Daryl Kang

Lead Data Scientist at Forbes

Daryl Kang is a data scientist at Forbes. He is passionate about media & entertainment, and the role that technology plays in advancing the industry. He graduated summa cum laude from UCLA with a degree in economics and earned his master’s in data science from Columbia University. Having come from a non-technical background, he credits having both an insider and outsider perspective to data science as an advantage in the workplace. In his current role at Forbes, Daryl works closely with various stakeholders to create data-driven solutions that empower journalists at every step of the creative process.

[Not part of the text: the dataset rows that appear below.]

(* There exist zero mean curvature immersions (ZMC-immersions) satisfying each of the following three conditions, respectively: (i) ZMC-surfaces in $\mathcal{Z}^0_{I}$ without space-like part; (ii) ZMC-surfaces in $\mathcal{Z}^0_{I}$ without time-like part; (iii) ZMC-surfaces in $\mathcal{Z}^0_{I\!I}$ which change causal type.
   Context: Let $\boldsymbol{R}^3_1$ be Lorentz-Minkowski 3-space with coordinates $(t,x,y)$ and inner product of signature $(-++)$. Consider germs of real analytic immersions $F(x,y)=(f(x,y),x,y)$ near the origin $o=(0,0)$ with $f(0,0)=f_x(0,0)=0$, $f_y(0,0)=1$ (so $o$ is a light-like point). Set $B_F:=1-f_x^2-f_y^2$ and $A_F:=(1-f_x^2)f_{yy}+2f_xf_yf_{xy}+(1-f_y^2)f_{xx}$; a point is space-like if $B_F>0$ and time-like if $B_F<0$, and the set where $B_F\neq 0$ is assumed open and dense. $\mathcal{Z}^\omega$ denotes the set of such real analytic germs with $A_F\equiv 0$ (zero mean curvature), and $\mathcal{Z}^\omega_b$ the subset with $\nabla B_F(0,0)=\mathbf{0}$ (degenerate light-like point). For $F\in\mathcal{Z}^\omega_b$ one can write $f(x,y)=y+\frac{\alpha_F(y)}{2}x^2+\frac{\beta_F(y)}{3}x^3+h(x,y)x^4$ with real analytic $\alpha_F,\beta_F,h$, and there is a constant $\mu_F$ (the characteristic) with $\alpha_F'+\alpha_F^2+\mu_F=0$. The class $\mathcal{Z}^0_{I}$ consists of $F\in\mathcal{Z}^\omega_b$ with $\mu_F=0$ and $\alpha_F\equiv 0$; the class $\mathcal{Z}^0_{I\!I}$ consists of $F\in\mathcal{Z}^\omega_b$ with $\mu_F=0$ and $\alpha_F=1/(y+c)$ for some constant $c\neq 0$. A surface changes causal type if it has both space-like and time-like points near $o$ (one side of the light-like line is space-like and the other time-like). *)

From Stdlib Require Import Reals.
From Coquelicot Require Import Coquelicot.
Open Scope R_scope.

Definition box (r x y : R) : Prop := Rabs x < r /\ Rabs y < r.

Definition analytic0 (f : R -> R -> R) : Prop :=
  exists r : R, 0 < r /\ exists a : nat -> nat -> R,
    (forall i, ex_series (fun j => Rabs (a i j) * r ^ (i + j))) /\
    ex_series (fun i => Series (fun j => Rabs (a i j) * r ^ (i + j))) /\
    forall x y, box r x y ->
      is_series (fun i => Series (fun j => a i j * x ^ i * y ^ j)) (f x y).

Definition analytic1 (g : R -> R) : Prop := analytic0 (fun _ y => g y).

WATCH LIVE: September 23 @ 2:25PM – 2:55PM ET

Summarizing News Clusters Through Text Vectorization

Information gathering, an essential part of the journalistic process, is often burdened by the vast and disorienting body of material available. This process is especially challenging in the fast-paced world of news media, where technology has enabled us to communicate across the globe in real-time. Fortunately, technology has also given us new tools and methods to tackle the challenges. Through the application of data science and natural language processing, we seek a more organized and automated way of initiating the journalistic research process. We can begin by summarizing the cluster of existing news articles surrounding a developing story and visualizing the landscape of reports and opinions already expressed. Text vectorization allows us to distill the contents of an article into their semantic components to be compared against other articles in the space. This offers the journalist a quick overview of the news landscape at a glance, helping her form her unique angle for her story amidst a crowded field, and providing her an organized starting point for further research.